# Efficient NumPy

In [7]:
import numpy as np

## Best practices

### Avoid loops

Python loops are costly, and were never designed to be efficient. It is significantly more efficient to use Numpy (or Pytorch) vectorized operations

In [8]:
def square_loop(a):
    """Calculate square of an array in loop. We assume 1D array here."""

    result = np.zeros_like(a)
    for i in range(a.shape[0]):
        result[i] = a[i]*a[i]
    return result
    #Here, we are iterating inside the array itself, which will be inneficient

In [9]:
large_arr = np.random.randint(100, size=(100000,))

In [10]:
%timeit -n 10 -r 3 square_loop(large_arr)

59.9 ms ± 7.51 ms per loop (mean ± std. dev. of 3 runs, 10 loops each)


In [11]:
%timeit -n 10 -r 3 np.square(large_arr)

119 µs ± 31.4 µs per loop (mean ± std. dev. of 3 runs, 10 loops each)


We see that the np.square is almost three times as fast in just a small amount of usages, rather than loops

### Use broadcasting

Broadcasting mechanism provides an extremely efficient way of handling operations on arrays of different dimensionality. And it's always way more readable and concise. For example, to add `1D` array `b` to `2D` array `a` row-wise with a loop:

In [12]:
def row_loop(a, b): #a is 2-d, b is 1-d
    """Add a vector to a matrix directly."""

    result = np.zeros_like(a)
    for i in range(a.shape[0]):
        result[i] = a[i] + b
    return result

In [13]:
large_arr = np.random.randint(100, size=(1000,1000))
large_b = np.random.randint(100, size=(1000,))

In [14]:
%timeit -n 10 -r 3 row_loop(large_arr, large_b)

9.37 ms ± 1.8 ms per loop (mean ± std. dev. of 3 runs, 10 loops each)


Broadcasting is about `2X` faster:

In [15]:
%timeit -n 10 -r 3 large_arr + large_b

3.88 ms ± 846 µs per loop (mean ± std. dev. of 3 runs, 10 loops each)

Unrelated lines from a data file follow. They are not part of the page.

(* [(p, l)] is a nonnegative combination of the boundary rays [(c, s)] and
   [(c, -s)], on which the inequality holds, and its left side is sublinear. *)
Lemma cone_sublinear_le K C A B c s p l :
  0 < c -> 0 < s -> 0 <= C -> c * Rabs l <= s * p ->
  K * c + C * s <= A * c + B * s -> K * c + C * s <= A * c - B * s ->
  K * p + C * Rabs l <= A * p + B * l.
Proof.
  intros Hc Hs HC Hl Hplus Hminus.
  assert (Hl1 : 0 <= s * p + c * l) by (pose proof (Rle_abs (- l)); rewrite Rabs_Ropp in *; nra).
  assert (Hl2 : 0 <= s * p - c * l) by (pose proof (Rle_abs l); nra).
  assert (0 <= (s * p + c * l) * (A * c + B * s - (K * c + C * s))) by (apply Rmult_le_pos; lra).
  assert (0 <= (s * p - c * l) * (A * c - B * s - (K * c + C * s))) by (apply Rmult_le_pos; lra).
  assert (s * C * (c * Rabs l) <= s * C * (s * p)) by (apply Rmult_le_compat_l; nra).
  apply (Rmult_le_reg_l (c * s)); [nra|]. nra.
Qed.

Lemma rotation_inv phi X Y p l :
  p = cos phi * Y + sin phi * X -> l = cos phi * X - sin phi * Y ->
  X = sin phi * p + cos phi * l /\ Y = cos phi * p - sin phi * l.
Proof.
  intros -> ->. pose proof (sin2_cos2 phi) as Hsc; unfold Rsqr in Hsc.
  split.
  - transitivity (X * (sin phi * sin phi + cos phi * cos phi)); [rewrite Hsc|]; ring.
  - transitivity (Y * (sin phi * sin phi + cos phi * cos phi)); [rewrite Hsc|]; ring.
Qed.

Section Rotation.

Variable g : R.
Hypothesis g_pos : 0 < g.
Hypothesis g_small : 14 * g <= PI.

Variables phi X Y p l : R.
Hypothesis rot_p : p = cos phi * Y + sin phi * X.
Hypothesis rot_l : l = cos phi * X - sin phi * Y.
Hypothesis in_rotated_cone : cos (2 * g) * Rabs l <= sin (2 * g) * p.

Lemma potential_rotate_small :
  4 * g <= phi <= PI / 2 - 3 * g -> potential g p l <= potential g Y X.
Proof.
  intros Hphi.
  destruct (rotation_inv phi X Y p l rot_p rot_l) as [HX HY].
  pose proof (cos_2g_pos g g_pos g_small). pose proof (sin_2g_pos g g_pos g_small).
  pose proof (lat_coef_pos g g_pos g_small).
  pose proof (potential_boundary_le g g_pos g_small (PI / 2 - (phi + 2 * g))) as Hplus.
  pose proof (potential_boundary_le g g_pos g_small (PI / 2 - (phi - 2 * g))) as Hminus.
  rewrite cos_shift, sin_shift, sin_plus, cos_plus in Hplus.
  rewrite cos_shift, sin_shift, sin_minus, cos_minus in Hminus.
  assert (lat_coef g * X <= lat_coef g * Rabs X) by (apply Rmult_le_compat_l; [lra|apply Rle_abs]).
  enough (proj_coef g * p + lat_coef g * Rabs l <= proj_coef g * Y + lat_coef g * X)
    by (unfold potential; lra).
  rewrite HX, HY.
  replace (proj_coef g * (cos phi * p - sin phi * l) + lat_coef g * (sin phi * p + cos phi * l))
    with ((proj_coef g * cos phi + lat_coef g * sin phi) * p
          + (lat_coef g * cos phi - proj_coef g * sin phi) * l) by ring.
  apply (cone_sublinear_le _ _ _ _ (cos (2 * g)) (sin (2 * g))); lra.
Qed.

Lemma rotated_proj_nonneg : 0 <= p.
Proof.
  pose proof (cos_2g_pos g g_pos g_small). pose proof (sin_2g_pos g g_pos g_small).
  pose proof (Rabs_pos l). nra.
Qed.

(* On the last cone that still meets the half-plane [Y > 0] the bound is an
   equality. *)
Lemma potential_rotate_tight :
  phi = PI / 2 + g -> 0 < Y -> potential g p l <= potential g Y X.
Proof.
  intros Hphi HY0.
  destruct (rotation_inv phi X Y p l rot_p rot_l) as [HX HY].
  replace phi with (PI / 2 - - g) in HX, HY by lra.
  rewrite sin_shift, cos_shift, sin_neg, cos_neg in HX, HY.
  pose proof (sin_g_pos g g_pos g_small). pose proof (cos_g_pos g g_pos g_small).
  pose proof (lat_coef_pos g g_pos g_small). pose proof rotated_proj_nonneg.
  pose proof (proj_coef_mul_1_add_sin g g_pos g_small).
  pose proof (lat_coef_eq g g_pos g_small).
  assert (Hl : l < 0) by nra.
  assert (lat_coef g * X <= lat_coef g * Rabs X) by (apply Rmult_le_compat_l; [lra|apply Rle_abs]).
  unfold potential. rewrite (Rabs_left l Hl).
  enough (proj_coef g * p + lat_coef g * - l = proj_coef g * Y + lat_coef g * X) by lra.
  rewrite HX, HY. nra.
Qed.

Lemma rotate_behind_nonpos :
  PI / 2 + 2 * g <= phi <= 3 * (PI / 2) - 2 * g -> Y <= 0.
Proof.
  intros Hphi.
  destruct (rotation_inv phi X Y p l rot_p rot_l) as [_ HY].
  pose proof (cos_2g_pos g g_pos g_small). pose proof (sin_2g_pos g g_pos g_small).
  pose proof rotated_proj_nonneg.
  assert (Hlat : - sin phi * l <= Rabs (sin phi) * Rabs l).
  { rewrite <- Rabs_mult, <- Rabs_Ropp. replace (- sin phi * l) with (- (sin phi * l)) by ring.
    apply Rle_abs. }
  assert (Hsl : cos (2 * g) * (Rabs (sin phi) * Rabs l) <= Rabs (sin phi) * (sin (2 * g) * p)).
  { replace (cos (2 * g) * (Rabs (sin phi) * Rabs l))
      with (Rabs (sin phi) * (cos (2 * g) * Rabs l)) by ring.
    apply Rmult_le_compat_l; [apply Rabs_pos | exact in_rotated_cone]. }
  assert (Hcos : cos phi * cos (2 * g) + sin (2 * g) * Rabs (sin phi) <= 0).
  { destruct (Rle_lt_dec 0 (sin phi)).
    - rewrite Rabs_right by lra.
      replace (cos phi * cos (2 * g) + sin (2 * g) * sin phi) with (cos (phi - 2 * g))
        by (rewrite cos_minus; ring).
      apply cos_le_0; lra.
    - rewrite Rabs_left by lra.
      replace (cos phi * cos (2 * g) + sin (2 * g) * - sin phi) with (cos (phi + 2 * g))
        by (rewrite cos_plus; ring).
      apply cos_le_0; lra. }
  assert (cos (2 * g) * Y <= p * (cos phi * cos (2 * g) + sin (2 * g) * Rabs (sin phi)))
    by (rewrite HY; nra).
  nra.
Qed.

End Rotation.

Section RotationByCones.

Variable k : nat.
Hypothesis k_ge1 : (1 <= k)%nat.
Variable g : R.
Hypothesis g_def : (4 * INR k + 3) * g = PI / 2.

Lemma quarter_aperture_pos : 0 < g.
Proof.
  pose proof PI_RGT_0. assert (0 <= INR k) by apply pos_INR. nra.
Qed.

Lemma quarter_aperture_small : 14 * g <= PI.
Proof.
  pose proof quarter_aperture_pos. assert (1 <= INR k) by (apply (le_INR 1); exact k_ge1). nra.
Qed.

Lemma potential_rotate_first_half n X Y p l :
  (1 <= n <= k + 1)%nat ->
  p = cos (INR n * (4 * g)) * Y + sin (INR n * (4 * g)) * X ->
  l = cos (INR n * (4 * g)) * X - sin (INR n * (4 * g)) * Y ->
  cos (2 * g) * Rabs l <= sin (2 * g) * p -> 0 < Y ->
  potential g p l <= potential g Y X.
Proof.
  intros Hn Hp Hl Hcone HY.
  pose proof quarter_aperture_pos as Hg0. pose proof quarter_aperture_small as Hg14.
  assert (Hn1 : 1 <= INR n) by (apply (le_INR 1); lia).
  destruct (Nat.eq_dec n (k + 1)) as [-> | Hnk].
  - apply (potential_rotate_tight g Hg0 Hg14 (INR (k + 1) * (4 * g)) X Y p l); auto.
    rewrite plus_INR. simpl INR. lra.
  - assert (Hnk' : INR n <= INR k) by (apply le_INR; lia).
    apply (potential_rotate_small g Hg0 Hg14 (INR n * (4 * g)) X Y p l); auto.
    nra.
Qed.

Lemma potential_rotate_cones n X Y p l :
  (n < 4 * k + 3)%nat ->
  p = cos (INR n * (4 * g)) * Y + sin (INR n * (4 * g)) * X ->
  l = cos (INR n * (4 * g)) * X - sin (INR n * (4 * g)) * Y ->
  cos (2 * g) * Rabs l <= sin (2 * g) * p -> 0 < Y ->
  potential g p l <= potential g Y X.
Proof.
  intros Hn Hp Hl Hcone HY.
  pose proof quarter_aperture_pos as Hg0. pose proof quarter_aperture_small as Hg14.
  destruct (Nat.eq_dec n 0) as [-> | Hn0].
  { simpl INR in Hp, Hl. rewrite Rmult_0_l, cos_0, sin_0 in Hp, Hl.
    replace p with Y by lra. replace l with X by lra. lra. }
  destruct (le_lt_dec n (k + 1)) as [Hn1 | Hn1].
  { apply (potential_rotate_first_half n); auto; lia. }
  destruct (le_lt_dec n (3 * k + 1)) as [Hn2 | Hn2].
  - exfalso.
    assert (INR (k + 2) <= INR n) by (apply le_INR; lia).
    assert (INR n <= INR (3 * k + 1)) by (apply le_INR; lia).
    rewrite plus_INR, mult_INR in *. simpl INR in *.
    enough (Y <= 0) by lra.
    apply (rotate_behind_nonpos g Hg0 Hg14 (INR n * (4 * g)) X Y p l Hp Hl Hcone). nra.
  - (* Reflecting in the bisector turns a rotation by [n] cones into one by
       [4k + 3 - n] cones. *)
    assert (Hmirror : INR n * (4 * g) = 2 * PI - INR (4 * k + 3 - n) * (4 * g)).
    { rewrite minus_INR by lia. rewrite plus_INR, mult_INR. simpl INR. lra. }
    assert (Hc : cos (INR n * (4 * g)) = cos (INR (4 * k + 3 - n) * (4 * g))).
    { rewrite Hmirror, cos_minus, cos_2PI, sin_2PI. ring. }
    assert (Hs : sin (INR n * (4 * g)) = - sin (INR (4 * k + 3 - n) * (4 * g))).
    { rewrite Hmirror, sin_minus, cos_2PI, sin_2PI. ring. }
    rewrite Hc, Hs in Hp, Hl.
    unfold potential. rewrite <- (Rabs_Ropp l), <- (Rabs_Ropp X).
    apply (potential_rotate_first_half (4 * k + 3 - n)); try lia.
    + rewrite Hp. ring.
    + rewrite Hl. ring.
    + rewrite Rabs_Ropp. exact Hcone.
    + exact HY.
Qed.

In-place addition with broadcasting is even faster:

In [None]:
%timeit -n 10 -r 3 np.add(large_arr, large_b, out=large_arr) #As there is no new allocated memory, it is faster

Btw, broadcasting allows for creating fancy structures in just a single line (you may leverage this in one of the problems in Homework #2):

In [19]:
np.arange(10) + np.arange(10)[:, np.newaxis] # (10,) + (10,1) -> (1,10) + (10,1)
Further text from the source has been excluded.